Big Hotels Go Boutique

by  Stephanie Johnnidis | Jan 13, 2009
Aloft Boston Seaport guest room
Aloft Boston Seaport guest room / Photo courtesy of the property

Ian Schrager may have sparked a flame in 1984 with the Morgans hotel in New York City, but the watershed for the boutique hotel genre wasn’t until 1998, when Starwood launched its hip W brand. The boutique model – design-conscious, intimate, unique to its location – took off, and big brands have been trying to get a piece of the success ever since.

Starwood recently launched another group, (pictured at right), with rates on a par with budget chains (around $150/night) and loftlike rooms by David Rockwell, with high ceilings, large windows, and lots of gadgets. As with W hotels, there’s an emphasis on hangout spots, such as a self-serve gourmet café and a pool area with WiFi. Nineteen Alofts opened in 2008 (Montreal, Philadelphia, and Beijing were a few of the first), and about 30 are slated for 2009.

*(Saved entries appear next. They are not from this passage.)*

Lemma sum_bnorm_le_norm2q q h (S : {set 'I_p}) k : (1 < q)%E -> (#|S| <= k)%N ->
  \sum_(i in S) bnorm h i <= k%:R `^ (1 - qinv q) * norm2q q h.
Proof.
case: q => [r||] // q_gt1 S_le_k; last first.
  rewrite [qinv _]/= subr0 powRr1 //.
  apply: le_trans (ler_sum _ (fun i _ => bnorm_le_norm2oo h i)) _.
  by rewrite sumr_const -[_ *+ #|S|]mulr_natl ler_wpM2r ?norm2oo_ge0 ?ler_nat.
rewrite lte_fin in q_gt1; rewrite [qinv _]/= [norm2q _ _]/=.
apply: le_trans (holder_card S q_gt1 (bnorm_ge0 h)) _.
apply: ler_wpM2r; first exact: powR_ge0.
rewrite ge0_ler_powR ?nnegrE ?ler_nat //.
by rewrite subr_ge0 invf_le1; lra.
Qed.

End BlockSupport.

Section RestrictedEigenvalue.
Variables (R : realType) (p n : nat).
Implicit Types (q : \bar R) (h : 'cV[R]_(p * n)).

Lemma qconj_gt0 q : (1 < q)%E -> 0 < qconj q.
Proof. by case: q => [r||] //=; rewrite lte_fin => r_gt1; rewrite divr_gt0 //; lra. Qed.

Lemma mul_qconj q : (1 < q)%E -> (1 - qinv q) * qconj q = 1.
Proof.
case: q => [r||] //=; last by rewrite subr0 mulr1.
rewrite lte_fin => r_gt1; have r_neq0 : r != 0 by rewrite gt_eqF //; lra.
have r1_neq0 : r - 1 != 0 by rewrite subr_eq0 gt_eqF.
by field; rewrite r_neq0 r1_neq0.
Qed.

Lemma kq_le q h k (C : R) : (1 < q)%E -> 0 < C ->
  norm21 h <= C * k%:R `^ (1 - qinv q) * norm2q q h ->
  kq q h <= C `^ qconj q * k%:R.
Proof.
move=> q_gt1 C_gt0 h_le; rewrite /kq.
have [Q0|Q_neq0] := eqVneq (norm2q q h) 0.
  by rewrite Q0 invr0 mulr0 powR0 ?gt_eqF ?qconj_gt0 // mulr_ge0 ?powR_ge0.
have Q_gt0 : 0 < norm2q q h by rewrite lt_def Q_neq0 norm2q_ge0.
apply: (@le_trans _ _ ((C * k%:R `^ (1 - qinv q)) `^ qconj q)).
  apply: ge0_ler_powR; rewrite ?nnegrE ?(ltW (qconj_gt0 q_gt1)) //.
  - by rewrite divr_ge0 ?norm21_ge0 ?norm2q_ge0.
  - by rewrite mulr_ge0 ?powR_ge0 ?(ltW C_gt0).
  - by rewrite ler_pdivrMr.
by rewrite powRM ?powR_ge0 ?(ltW C_gt0) // -powRrM mul_qconj // powRr1.
Qed.

Lemma beta_mul_norm2q_le {m : nat} q s (A : 'M[R]_(m, p * n)) z : (1 < q)%E ->
  kq q z <= s -> beta q s A * norm2q q z <= norm2 (A *m z).
Proof.
move=> q_gt1 z_kq.
have [Q0|Q_neq0] := eqVneq (norm2q q z) 0; first by rewrite Q0 mulr0 norm2_ge0.
have Q_gt0 : 0 < norm2q q z by rewrite lt_def Q_neq0 norm2q_ge0.
have z_neq0 : z != 0 by apply: contraNneq Q_neq0 => ->; rewrite norm2q_0.
rewrite -ler_pdivlMr //; apply: ge_inf; last by exists z.
by exists 0 => _ [w _ <-]; rewrite divr_ge0 ?norm2_ge0 ?norm2q_ge0.
Qed.

Lemma cone_error_bound {m : nat} q (A : 'M[R]_(m, p * n)) (x h : 'cV[R]_(p * n)) k (C : R) :
  (1 < q)%E -> (norm20 x <= k)%N -> 0 < C ->
  norm21 h <= C * \sum_(i in bsupp x) bnorm h i ->
  norm21 h <= C * k%:R `^ (1 - qinv q) * norm2q q h /\
  beta q (C `^ qconj q * k%:R) A * norm2q q h <= norm2 (A *m h).
Proof.
move=> q_gt1 x_sparse C_gt0 h_cone.
have h_l1 : norm21 h <= C * k%:R `^ (1 - qinv q) * norm2q q h.
  rewrite -mulrA; apply: le_trans h_cone _; rewrite ler_pM2l //.
  by rewrite sum_bnorm_le_norm2q // -norm20_bsupp.
by split; last exact/beta_mul_norm2q_le/kq_le.
Qed.

End RestrictedEigenvalue.

Lemma ler_div_sqr (R : realFieldType) (b t N c : R) : 0 < b -> 0 <= t -> 0 <= c ->
  b * t <= N -> N ^+ 2 <= c * t -> t <= c / b ^+ 2.
Proof.
move=> b_gt0 t_ge0 c_ge0 bt_le N_le; rewrite ler_pdivlMr ?exprn_gt0 //.
have [->|t_neq0] := eqVneq t 0; first by rewrite mul0r.
have t_gt0 : 0 < t by rewrite lt_def t_neq0.
rewrite -(ler_pM2r t_gt0); apply: le_trans _ N_le.
have -> : t * b ^+ 2 * t = (b * t) ^+ 2 by ring.
have bt_ge0 : 0 <= b * t by rewrite mulr_ge0 ?(ltW b_gt0).
by rewrite ler_sqr ?nnegrE ?(le_trans bt_ge0).
Qed.

Lemma sqr_powR (R : realType) (a e : R) : (a `^ e) ^+ 2 = a `^ (2 * e).
Proof. by rewrite mulrC powRrM powR_mulrn ?powR_ge0. Qed.

Section Estimators.
Variables (R : realType) (m p n k : nat) (A : 'M[R]_(m, p * n)).
Variables (x : 'cV[R]_(p * n)) (eps : 'cV[R]_m) (q : \bar R).
Hypotheses (x_sparse : (norm20 x <= k)%N) (q_gt1 : (1 < q)%E).
Local Notation y := (A *m x + eps).
Local Notation K := (k%:R `^ (1 - qinv q)).
Local Notation beta_k C := (beta q (C `^ qconj q * k%:R) A).

Lemma powR_k_sqr : k%:R `^ (2 - 2 * qinv q) = K ^+ 2.
Proof. by rewrite sqr_powR mulrBr mulr1. Qed.

Lemma residualE xh : y - A *m xh = eps - A *m (xh - x).
Proof. by rewrite mulmxBr opprB addrA [eps + _]addrC. Qed.

Lemma mulmx_errorE xh : A *m (xh - x) = eps - (y - A *m xh).
Proof. by rewrite residualE opprB [RHS]addrC subrK. Qed.

Lemma l1_descent_error xh : norm21 xh <= norm21 x ->
  norm21 (xh - x) <= 2 * K * norm2q q (xh - x) /\
  beta_k 2 * norm2q q (xh - x) <= norm2 (A *m (xh - x)).
Proof.
move=> l1_le; apply: (cone_error_bound A q_gt1 x_sparse); first by rewrite ltr0n.
by apply: norm21_cone; rewrite addrC subrK.
Qed.

Lemma basis_pursuit_error zeta xh :
  norm2 eps <= zeta -> norm2 (y - A *m xh) <= zeta -> norm21 xh <= norm21 x ->
  0 < beta_k 2 ->
  norm2q q (xh - x) <= 2 * zeta / beta_k 2 /\
  norm21 (xh - x) <= 4 * K * zeta / beta_k 2.
Proof.
move=> eps_le res_le l1_le b_gt0.
have [l1_bound beta_bound] := l1_descent_error l1_le.
have Ah_le : norm2 (A *m (xh - x)) <= 2 * zeta.
  rewrite mulmx_errorE; apply: le_trans (norm2B _ _) _; lra.
have Q_le : norm2q q (xh - x) <= 2 * zeta / beta_k 2.
  by rewrite ler_pdivlMr // mulrC (le_trans beta_bound).
split => //; apply: le_trans l1_bound _.
rewrite (_ : 4 * K * zeta / _ = 2 * K * (2 * zeta / beta_k 2)); last by ring.
by rewrite ler_wpM2l ?mulr_ge0 ?powR_ge0.
Qed.

Lemma dantzig_selector_error mu xh :
  norm2oo (A^T *m eps) <= mu -> norm2oo (A^T *m (y - A *m xh)) <= mu ->
  norm21 xh <= norm21 x -> 0 < beta_k 2 ->
  norm2q q (xh - x) <= 4 * K / beta_k 2 ^+ 2 * mu /\
  norm21 (xh - x) <= 8 * k%:R `^ (2 - 2 * qinv q) / beta_k 2 ^+ 2 * mu.
Proof.
move=> eps_le res_le l1_le b_gt0.
have [l1_bound beta_bound] := l1_descent_error l1_le.
have mu_ge0 : 0 <= mu by apply: le_trans eps_le; exact: norm2oo_ge0.
have K_ge0 : 0 <= K by exact: powR_ge0.
have AtAh_le : norm2oo (A^T *m (A *m (xh - x))) <= 2 * mu.
  by rewrite mulmx_errorE mulmxBr; apply: le_trans (norm2ooB _ _) _; lra.
have Ah_sqr : norm2 (A *m (xh - x)) ^+ 2 <= 4 * K * mu * norm2q q (xh - x).
  rewrite norm2_sqr dot_trmx; apply: le_trans (dot_le_norm2oo_norm21 _ _) _.
  apply: le_trans (ler_pM (norm2oo_ge0 _) (norm21_ge0 _) AtAh_le l1_bound) _.
  by rewrite (_ : 2 * mu * _ = 4 * K * mu * norm2q q (xh - x)) //; ring.
have c_ge0 : 0 <= 4 * K * mu by rewrite !mulr_ge0.
have Q_le := ler_div_sqr b_gt0 (norm2q_ge0 _ q_gt1) c_ge0 beta_bound Ah_sqr.
split; first by rewrite mulrAC.
rewrite powR_k_sqr; apply: le_trans l1_bound _.
rewrite (_ : 8 * K ^+ 2 / _ * mu = 2 * K * (4 * K * mu / beta_k 2 ^+ 2)); last by ring.
by rewrite ler_wpM2l ?mulr_ge0.
Qed.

In 2004, InterContinental opened its first Hotel Indigo; now a chain, each Indigo updates its decor seasonally. In 2007, Hyatt opened Andaz London, where guests check in via a Tablet PC in a gallery-worthy lobby (next up: West Hollywood, Manhattan, and Austin).

Sofitel will open So Paris later this year, followed by So Berlin –small design hotels catering to a trendy set. Then there’s the partnership between Marriott and Mr. Schrager himself; together they will debut a new group, Edition. First stop: Paris, 2010.